I may be wrong but when I looked up your light it says its output is 4100 kw. You need at least 5500kw. St repens needs high light. Try going to your lfs and buying a cfl that puts out light in the 5500 blue wavelength. U might also need a second light bulb as well to provide enough light for them. 
Maybe check out the led bulbs that plug into standard light sockets but that may be too much wattage. Good luck


----------



## somewhatshocked (Aug 8, 2011)

The lighting will be fine. Though, one of the GE Daylight bulbs will be better. You don't 'need' at least 5500/6500 - that's just what's ideal/most pleasing to the eye.

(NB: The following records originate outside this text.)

(* For $n\ge0$ let $\overline{I_n}:=I-I_n\in\Gamma$. The set $S=\{\overline{I_n}\mid n\ge0\}$ is a left denominator set in $\Gamma$, i.e. $I\in S$, $S\cdot S\subset S$, and (i) for every $\overline{I_n}\in S$ and $E\in\Gamma$ there are $\overline{I_m}\in S$ and $E'\in\Gamma$ with $E'\overline{I_n}=\overline{I_m}E$; (ii) if $\overline{I_n}\in S$ and $E\in\Gamma$ satisfy $E\overline{I_n}=0$, then there is $\overline{I_m}\in S$ with $\overline{I_m}E=0$. Moreover, the localized $k$-algebra $\Gamma[S^{-1}]$ (of left fractions) is naturally isomorphic to $\Sigma=\Gamma/M_\infty$.
   Context: $k$ is a commutative ring; matrices are indexed by $\mathbb{N}=\{1,2,\dots\}$. $\Gamma$ is the unital $k$-algebra of $\mathbb{N}\times\mathbb{N}$ matrices over $k$ having only finitely many distinct entries and such that for some $n_A$ every row and column has at most $n_A$ nonzero entries; $I$ is the identity matrix. $M_\infty\subset\Gamma$ is the two-sided ideal of matrices with finitely many nonzero entries, and $\Sigma:=\Gamma/M_\infty$. For $n\ge0$, $I_n$ is the matrix with $(I_n)_{i,j}=1$ if $i=j\le n$ and $0$ otherwise (so $I_0=0$). *)

(* N x N matrices over k are modelled as functions
   nat -> nat -> k, with the paper's index i in N = {1,2,...} represented
   by the nat i-1 (0-based). *)
From HB Require Import structures.
From mathcomp Require Import all_boot all_order all_algebra.
From Stdlib Require Import ClassicalEpsilon.
Set Implicit Arguments. Unset Strict Implicit. Unset Printing Implicit Defensive.
Import GRing.Theory.
Local Open Scope ring_scope.

Section Mats.
Variable k : comPzRingType.

Definition mat := nat -> nat -> k.

(* Sum of a function nat -> k with finite support (0 if the support is
   infinite; this case never arises for the products considered here). *)
Definition fsum (f : nat -> k) : k :=
  match excluded_middle_informative (exists n, forall j, (n <= j)%N -> f j = 0) with
  | left H => \sum_(j < proj1_sig (constructive_indefinite_description _ H)) f j
  | right _ => 0
  end.

Definition mzero : mat := fun _ _ => 0.
Definition mid : mat := fun i j => if i == j then 1 else 0.
Definition madd (A B : mat) : mat := fun i j => A i j + B i j.
Definition mopp (A : mat) : mat := fun i j => - A i j.
Definition msub (A B : mat) : mat := madd A (mopp B).
Definition mmul (A B : mat) : mat := fun i l => fsum (fun j => A i j * B j l).

Definition is_Gamma (A : mat) : Prop :=
  (exists vals : seq k, forall i j, A i j \in vals) /\
  (exists nA : nat,
     (forall i (s : seq nat), uniq s -> (forall j, j \in s -> A i j != 0) ->
        (size s <= nA)%N) /\
     (forall j (s : seq nat), uniq s -> (forall i, i \in s -> A i j != 0) ->
        (size s <= nA)%N)).

Definition is_Minf (A : mat) : Prop :=
  exists n : nat, forall i j, (n <= i)%N \/ (n <= j)%N -> A i j = 0.

(* I_n : ones at the diagonal positions 1..n (0-based: i < n). *)
Definition Imat (n : nat) : mat := fun i j => if (i == j) && (i < n)%N then 1 else 0.
Definition Ibar (n : nat) : mat := msub mid (Imat n).

Definition Gamma_ring_hom (R : pzRingType) (f : mat -> R) : Prop :=
  (forall A B, is_Gamma A -> is_Gamma B -> f (madd A B) = f A + f B) /\
  (forall A B, is_Gamma A -> is_Gamma B -> f (mmul A B) = f A * f B) /\
  f mid = 1.

Definition S_inverting (R : pzRingType) (f : mat -> R) : Prop :=
  forall n, exists y : R, y * f (Ibar n) = 1 /\ f (Ibar n) * y = 1.

(* A ring hom f : Gamma -> R factors (necessarily uniquely, as the quotient
   map pi : Gamma -> Sigma is surjective) through a ring hom
   Sigma = Gamma/M_inf -> R  iff  f vanishes on M_inf. *)
Definition factors_through_Sigma (R : pzRingType) (f : mat -> R) : Prop :=
  forall A, is_Gamma A -> is_Minf A -> f A = 0.

(* The image pi(Ibar n) of Ibar n in Sigma is a unit of Sigma:
   there is E in Gamma with E*Ibar n = I and Ibar n*E = I modulo M_inf. *)
Definition Sigma_inverts_S : Prop :=
  forall n, exists E, is_Gamma E /\
    is_Minf (msub (mmul E (Ibar n)) mid) /\ is_Minf (msub (mmul (Ibar n) E) mid).

End Mats.

Arguments mzero {k}.
Arguments mid {k}.
Arguments Imat {k} n.
Arguments Ibar {k} n.
Arguments Sigma_inverts_S k : clear implicits.

(* Left multiplication by [Ibar n] kills the first [n] rows of a matrix and
   right multiplication kills its first [n] columns.  A column of a matrix
   of Gamma has boundedly many nonzero entries, hence finite support; so the
   first [n] columns of [E] vanish below some row [m], and [E' := Ibar m E]
   witnesses both Ore conditions.  Finally [Ibar n] is invertible modulo
   M_inf since [I - Ibar n = I_n] is finitary, while every finitary [A]
   satisfies [Ibar n A = 0] for large [n]; hence any ring map inverting all
   [Ibar n] kills M_inf. *)
From HB Require Import structures.
From mathcomp Require Import all_boot all_order all_algebra.
From Stdlib Require Import FunctionalExtensionality ClassicalEpsilon.
Set Implicit Arguments. Unset Strict Implicit. Unset Printing Implicit Defensive.
Import GRing.Theory.
Local Open Scope ring_scope.

Lemma bounded_pred_of_uniq_size_bounded (P : pred nat) N :
  (forall s, uniq s -> (forall i, i \in s -> P i) -> (size s <= N)%N) ->
  exists m, forall i, (m <= i)%N -> ~~ P i.
Proof.
elim: N P => [|N IH] P Hsize.
  exists 0%N => i _; apply/negP => Pi.
  suff : (size [:: i] <= 0)%N by [].
  by apply: Hsize => // x; rewrite inE => /eqP ->.
case: (classic (exists i0, P i0)) => [[i0 Pi0] | noP]; last first.
  by exists 0%N => i _; apply/negP => Pi; apply: noP; exists i.
have [s us Hs | m Hm] := IH [pred i | P i && (i != i0)].
  rewrite -ltnS.
  have i0_notin_s : i0 \notin s by apply/negP => /Hs /=; rewrite eqxx andbF.
  apply: (Hsize (i0 :: s)); first by rewrite /= i0_notin_s.
  by move=> i; rewrite inE => /orP[/eqP -> // | /Hs /andP[]].
exists (maxn m i0.+1) => i; rewrite geq_max => /andP[/Hm /= + lt_i0_i].
by rewrite gtn_eqF // andbT.
Qed.

Section FiniteSums.
Variable k : comPzRingType.

Lemma big_ord_widen_vanishing (f : nat -> k) N P : (N <= P)%N ->
  (forall j, (N <= j)%N -> f j = 0) -> \sum_(j < N) f j = \sum_(j < P) f j.
Proof.
move=> NP f_vanish; rewrite (big_ord_widen P f NP) big_mkcond.
by apply: eq_bigr => j _; case: ltnP => // /f_vanish ->.
Qed.

Lemma fsumE (f : nat -> k) M : (forall j, (M <= j)%N -> f j = 0) ->
  fsum f = \sum_(j < M) f j.
Proof.
move=> HM; rewrite /fsum; case: excluded_middle_informative => [H | H]; last first.
  by exfalso; apply: H; exists M.
case: constructive_indefinite_description => N HN /=.
rewrite (big_ord_widen_vanishing (leq_maxl N M) HN).
by rewrite (big_ord_widen_vanishing (leq_maxr N M) HM).
Qed.

Lemma fsum1 (f : nat -> k) i : (forall j, j != i -> f j = 0) -> fsum f = f i.
Proof.
move=> Hf; rewrite (@fsumE f i.+1) => [|j Hj]; last by rewrite Hf // gtn_eqF.
by rewrite big_ord_recr /= big1 ?add0r // => j _; rewrite Hf // ltn_eqF.
Qed.

End FiniteSums.

Section Gamma.
Variable k : comPzRingType.
Implicit Types (A E : mat k) (n m : nat).

Lemma mat_ext A B : (forall i j, A i j = B i j) -> A = B.
Proof. by move=> H; do 2 apply: functional_extensionality => ?; apply: H. Qed.

Lemma IbarE n i j : @Ibar k n i j = if (i == j) && (n <= i)%N then 1 else 0.
Proof.
rewrite /Ibar /msub /madd /mopp /mid /Imat; case: eqP => _ /=; last by rewrite oppr0 addr0.
by case: ltnP => _ /=; rewrite ?subrr ?oppr0 ?addr0.
Qed.

Lemma mmul_Ibar_l n A i j : mmul (Ibar n) A i j = if (n <= i)%N then A i j else 0.
Proof.
rewrite /mmul (fsum1 (i := i)) => [|l Hl]; last by rewrite IbarE eq_sym (negbTE Hl) mul0r.
by rewrite IbarE eqxx /=; case: ifP; rewrite ?mul1r ?mul0r.
Qed.

Lemma mmul_Ibar_r n A i j : mmul A (Ibar n) i j = if (n <= j)%N then A i j else 0.
Proof.
rewrite /mmul (fsum1 (i := j)) => [|l Hl]; last by rewrite IbarE (negbTE Hl) mulr0.
by rewrite IbarE eqxx /=; case: ifP; rewrite ?mulr1 ?mulr0.
Qed.

Lemma Ibar0 : @Ibar k 0 = mid.
Proof. by apply: mat_ext => i j; rewrite IbarE /mid andbT; case: eqP. Qed.

Lemma mmul_Ibar n m : mmul (@Ibar k n) (Ibar m) = Ibar (maxn n m).
Proof.
apply: mat_ext => i j; rewrite mmul_Ibar_l !IbarE geq_max.
by case: (n <= i)%N; case: (i == j).
Qed.

Lemma is_Gamma_Ibar n : is_Gamma (@Ibar k n).
Proof.
split; first by exists [:: 0; 1] => i j; rewrite IbarE; case: ifP; rewrite !inE eqxx ?orbT.
exists 1%N; split=> [i s us Hs | j s us Hs].
  apply: (@uniq_leq_size _ s [:: i] us) => l /Hs.
  by rewrite IbarE inE; case: ifP => [/andP[/eqP -> _] | _]; rewrite ?eqxx.
apply: (@uniq_leq_size _ s [:: j] us) => l /Hs.
by rewrite IbarE inE; case: ifP => [/andP[/eqP -> _] | _]; rewrite ?eqxx.
Qed.

Lemma is_Gamma_mmul_Ibar n E : is_Gamma E -> is_Gamma (mmul (Ibar n) E).
Proof.
move=> [[vals Hv] [nA [Hr Hc]]]; split.
  by exists (0 :: vals) => i j; rewrite mmul_Ibar_l; case: ifP; rewrite inE ?eqxx ?Hv ?orbT.
exists nA; split=> [i s us Hs | j s us Hs].
  by apply: (Hr i s us) => j /Hs; rewrite mmul_Ibar_l; case: ifP; rewrite ?eqxx.
by apply: (Hc j s us) => i /Hs; rewrite mmul_Ibar_l; case: ifP; rewrite ?eqxx.
Qed.

Lemma Gamma_col_bounded E j : is_Gamma E ->
  exists m, forall i, (m <= i)%N -> E i j = 0.
Proof.
move=> [_ [nA [_ Hc]]].
have [m Hm] := bounded_pred_of_uniq_size_bounded (Hc j).
by exists m => i /Hm /negPn /eqP.
Qed.

Lemma Gamma_cols_bounded E n : is_Gamma E ->
  exists m, forall i j, (m <= i)%N -> (j < n)%N -> E i j = 0.
Proof.
move=> GE; elim: n => [|n [m Hm]]; first by exists 0%N.
have [m' Hm'] := Gamma_col_bounded n GE.
exists (maxn m m') => i j; rewrite geq_max => /andP[le_m_i le_m'_i].
by rewrite ltnS leq_eqVlt => /orP[/eqP -> | /Hm]; [apply: Hm' | apply].
Qed.

Lemma Gamma_left_Ore n E : is_Gamma E ->
  exists m E', is_Gamma E' /\ mmul E' (Ibar n) = mmul (Ibar m) E.
Proof.
move=> GE; have [m Hm] := Gamma_cols_bounded n GE.
exists m, (mmul (Ibar m) E); split; first exact: is_Gamma_mmul_Ibar.
apply: mat_ext => i j; rewrite mmul_Ibar_r !mmul_Ibar_l.
by case: (leqP n j) => // lt_j_n; case: ifP => // le_m_i; rewrite Hm.
Qed.

Lemma Gamma_left_reversible n E : is_Gamma E -> mmul E (Ibar n) = mzero ->
  exists m, mmul (Ibar m) E = mzero.
Proof.
move=> GE EIbar0; have [m Hm] := Gamma_cols_bounded n GE.
exists m; apply: mat_ext => i j; rewrite mmul_Ibar_l /mzero.
case: ifP => // le_m_i; case: (ltnP j n) => [/(Hm _ _ le_m_i) // | le_n_j].
by have := congr1 (fun M => M i j) EIbar0; rewrite /= mmul_Ibar_r le_n_j.
Qed.

Lemma is_Minf_Ibar_sub_mid n : is_Minf (msub (@Ibar k n) mid).
Proof.
exists n => i j Hij; rewrite /msub /madd /mopp /mid IbarE.
case: (eqVneq i j) Hij => [-> | _] /=; last by rewrite oppr0 addr0.
by case=> ->; rewrite subrr.
Qed.

Lemma Sigma_inverts_Ibar : Sigma_inverts_S k.
Proof.
move=> n; exists (Ibar 0); split; first exact: is_Gamma_Ibar.
by rewrite !mmul_Ibar max0n maxn0; split; apply: is_Minf_Ibar_sub_mid.
Qed.

Lemma mmul_Ibar_Minf A : is_Minf A -> exists n, mmul (Ibar n) A = mzero.
Proof.
move=> [n Hn]; exists n; apply: mat_ext => i j.
by rewrite mmul_Ibar_l; case: ifP => // le_n_i; apply: Hn; left.
Qed.

Lemma is_Gamma_zero : is_Gamma (@mzero k).
Proof.
split; first by exists [:: 0] => i j; rewrite inE.
by exists 0%N; split=> [i | j] s us Hs; apply: (@uniq_leq_size _ s [::] us) => l /Hs;
  rewrite eqxx.
Qed.

Lemma Gamma_ring_hom0 (R : pzRingType) (f : mat k -> R) :
  Gamma_ring_hom f -> f mzero = 0.
Proof.
move=> [fD _]; have := fD _ _ is_Gamma_zero is_Gamma_zero.
have -> : madd mzero mzero = @mzero k by apply: mat_ext => i j; rewrite /madd addr0.
by move=> f0D; apply: (@addrI _ (f mzero)); rewrite addr0 -f0D.
Qed.

Lemma S_inverting_factors_through_Sigma (R : pzRingType) (f : mat k -> R) :
  Gamma_ring_hom f -> S_inverting f -> factors_through_Sigma f.
Proof.
move=> fhom finv A GA /mmul_Ibar_Minf [n IbarA0].
have [_ [fM _]] := fhom; have [y [yIbar _]] := finv n.
rewrite -[f A]mul1r -yIbar -mulrA -fM ?IbarA0 ?Gamma_ring_hom0 ?mulr0 //.
exact: is_Gamma_Ibar.
Qed.

End Gamma.

Theorem proposition3p8 (k : comPzRingType) :
  (forall n, is_Gamma (@Ibar k n)) /\
  (exists n, Ibar n = @mid k) /\
  (forall n m, exists p, mmul (@Ibar k n) (Ibar m) = Ibar p) /\
  (forall n (E : mat k), is_Gamma E ->
     exists m (E' : mat k), is_Gamma E' /\ mmul E' (Ibar n) = mmul (Ibar m) E) /\
  (forall n (E : mat k), is_Gamma E -> mmul E (Ibar n) = @mzero k ->
     exists m, mmul (Ibar m) E = @mzero k) /\
  (* Gamma[S^-1] ~ Sigma: the quotient map pi : Gamma -> Sigma has the
     universal property of the localization Gamma[S^-1], i.e. pi inverts S, and
     every S-inverting ring hom Gamma -> R factors (uniquely) through pi. *)
  (Sigma_inverts_S k /\
   forall (R : pzRingType) (f : mat k -> R),
     Gamma_ring_hom f -> S_inverting f -> factors_through_Sigma f).
Proof.
split; first exact: is_Gamma_Ibar.
split; first by exists 0%N; exact: Ibar0.
split; first by move=> n m; exists (maxn n m); exact: mmul_Ibar.
split; first exact: Gamma_left_Ore.
split; first exact: Gamma_left_reversible.
split; first exact: Sigma_inverts_Ibar.
exact: S_inverting_factors_through_Sigma.
Qed.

Your KH is 3. What's your GH?

A few things could be happening here and it's likely a combination of all of them. The S. repens you bought was a tissue culture, meaning it was grown emersed. When you added it to water, the leaves melted, as it is adjusting. They'll likely grow back pretty quickly. 

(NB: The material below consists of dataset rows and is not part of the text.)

Lemma shadow_pot_index_lipschitz x p y (n := ring_index x) : x <> s ->
  shadow_pot n p y <= shadow_pot n x y + d x p.
Proof.
move=> xs; apply: shadow_pot_lipschitz => //.
by rewrite ring_penalty_index // sub0r lerBlDr lerDl ring_penalty_ge0.
Qed.

Lemma dist_src_le_far x p : x <> s -> p <> s ->
  ring_index x + 2 <= ring_index p \/ ring_index p + 2 <= ring_index x ->
  d s p <= (1 + a) * d x p.
Proof.
move=> xs ps far; have [sp sx] := dist_src_lipschitz x p.
have /andP[xlo xhi] := ring_index_bounds xs; have /andP[plo phi] := ring_index_bounds ps.
move: far xlo xhi plo phi; set n := ring_index x; set m := ring_index p => far xlo xhi plo phi.
have a_ge0 := ltW a_gt0; have del_ge0 := ge0 x p.
case: far => far.
- have q_le : r ^ (n + 1) <= r ^ (m - 1) by rewrite ler_eXz2l //; lia.
  have ar := a_expzS (m - 1); rewrite subrK in ar.
  have : 0 <= (1 + a) * (d x p - (d s p - r ^ (m - 1))) by apply: mulr_ge0; lra.
  have : 0 <= a * (d s p - r ^ m) by apply: mulr_ge0; lra.
  lra.
- have q_le : r ^ (m + 1 + 1) <= r ^ n by rewrite ler_eXz2l //; lia.
  have ar := a_expzS (m + 1).
  have : 0 <= a * (d x p - (r ^ (m + 1 + 1) - d s p)) by apply: mulr_ge0; lra.
  have : 0 <= (1 + a) * (r ^ (m + 1) - d s p) by apply: mulr_ge0; lra.
  have : 0 <= d x p + a * d x p by apply: addr_ge0 => //; apply: mulr_ge0.
  lra.
Qed.

Lemma pot_step_same x p Y m : x <> s -> p <> s -> ring_index x = m -> ring_index p = m ->
  Num.min (d (Y m) p) (d s p) + shadow_pot (m - 1) p (Y (m - 1))
    + shadow_pot (m + 1) p (Y (m + 1))
  <= pot x Y + (4 + 2 * a) * d x p.
Proof.
move=> xs ps xm pm; have [sp sx] := dist_src_lipschitz x p.
have a_ge0 := ltW a_gt0; have del_ge0 := ge0 x p.
have pay := min_dist_le_shadow_pot (ring_index x) x p (Y m).
rewrite ring_penalty_index // xm in pay.
have succ : shadow_pot (m + 1) p (Y (m + 1))
    <= shadow_pot (m + 1) x (Y (m + 1)) + (1 + a) * d x p.
  apply: shadow_pot_lipschitz; first by rewrite mulr_ge0 ?addr_ge0.
  have := ring_penalty_succ xs; have := ring_penalty_succ ps; rewrite xm pm => -> ->.
  have : a * (d s p - d s x) <= a * d x p by apply: ler_wpM2l => //; lra.
  lra.
have pred : shadow_pot (m - 1) p (Y (m - 1))
    <= shadow_pot (m - 1) x (Y (m - 1)) + (2 + a) * d x p.
  apply: shadow_pot_lipschitz; first by rewrite mulr_ge0 ?addr_ge0.
  have := ring_penalty_pred xs; have := ring_penalty_pred ps; rewrite xm pm => -> ->.
  have : (1 + a) * (d s x - d s p) <= (1 + a) * d x p by apply: ler_wpM2l; lra.
  lra.
by move: pay succ pred; rewrite /pot xm; lra.
Qed.

Lemma pot_step_succ x p Y m : x <> s -> p <> s -> ring_index x = m - 1 ->
  ring_index p = m ->
  Num.min (d (Y m) p) (d s p) + shadow_pot (m - 1) p (Y (m - 1))
    + shadow_pot (m + 1) p (Y (m + 1))
  <= pot x Y + (3 + 2 * a) * d x p.
Proof.
move=> xs ps xm pm; have [sp sx] := dist_src_lipschitz x p.
have /andP[_ xhi] := ring_index_bounds xs; have /andP[plo _] := ring_index_bounds ps.
rewrite xm subrK pm in xhi plo.
have a_ge0 := ltW a_gt0; have del_ge0 := ge0 x p.
have pay := min_dist_le_shadow_pot m x p (Y m).
have := ring_penalty_succ xs; rewrite xm subrK => pen_x; rewrite pen_x in pay.
have : a * (r ^ m - d s x) <= a * d x p by apply: ler_wpM2l => //; lra.
have := shadow_pot_index_lipschitz p (Y (m - 1)) xs; rewrite xm.
have := shadow_pot_succ_le (Y (m + 1)) ps; rewrite pm.
have : (1 + a) * (d s p - r ^ m) <= (1 + a) * d x p by apply: ler_wpM2l; lra.
have := shadow_pot_ge0 (m - 1 - 1) x (Y (m - 1 - 1)).
by rewrite /pot xm subrK; lra.
Qed.

Lemma pot_step_pred x p Y m : x <> s -> p <> s -> ring_index x = m + 1 ->
  ring_index p = m ->
  Num.min (d (Y m) p) (d s p) + shadow_pot (m - 1) p (Y (m - 1))
    + shadow_pot (m + 1) p (Y (m + 1))
  <= pot x Y + (3 + 2 * a) * d x p.
Proof.
move=> xs ps xm pm; have [sp sx] := dist_src_lipschitz x p.
have /andP[xlo _] := ring_index_bounds xs; have /andP[_ phi] := ring_index_bounds ps.
rewrite xm in xlo; rewrite pm in phi.
have a_ge0 := ltW a_gt0; have del_ge0 := ge0 x p.
have pay := min_dist_le_shadow_pot m x p (Y m).
have := ring_penalty_pred xs; rewrite xm addrK => pen_x; rewrite pen_x in pay.
have : (1 + a) * (d s x - r ^ (m + 1)) <= (1 + a) * d x p by apply: ler_wpM2l; lra.
have := shadow_pot_index_lipschitz p (Y (m + 1)) xs; rewrite xm.
have := shadow_pot_pred_le (Y (m - 1)) ps; rewrite pm.
have : a * (r ^ (m + 1) - d s p) <= a * d x p by apply: ler_wpM2l => //; lra.
have := shadow_pot_ge0 (m + 1 + 1) x (Y (m + 1 + 1)).
by rewrite /pot xm addrK; lra.
Qed.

Fluval Shrimp Stratum contains next to nothing for plants. Root tabs are pretty much a must if you aren't dosing with the EI method. Since there were no nutrients in the soil for the plants, that likely also helped nudge them into a transitional melt.


----------



## Jalopy (Aug 11, 2013)

GH is around 3 I think too. I tested it last month. I think you might be right about the root tabs. I think it's that and the lack of fertilization in the water column. This is actually the 3rd iteration of this tank in the last 2 months. Previously, I was running dirt and diy CO2 and my dwarf baby tears and wisteria were growing fine. I've just noticed that my dwarf baby tears stopped sending out runners too. Thanks for your help.


----------



## Lornek8 (Jul 3, 2013)

I got those S.repens in the Petsmart pack. I simply planted in Fluorite, no root tabs. Used Excel every other day or so and Flourish once per week at first. Upped the Excel and ferts but the plants were already well established and growing by then. This was in a 55gallon with minimal substrate depth under dual T5NO, so not high lighting levels at all. Had no issues with dropped leaves and has probably been the best growing plant in the tank. That is until some Honey Dwarf Gouramis recently developed a taste for them and are gradually eating all the leaves off.


----------



## jbig (Jul 13, 2012)

This happened to my s.repens from petsmart about a month or two ago. I had planted them in a new setup, a decent amount of the leaves melted but after the initial melt they are doing fine. now that they've adjusted new leaves are growing left and right.


----------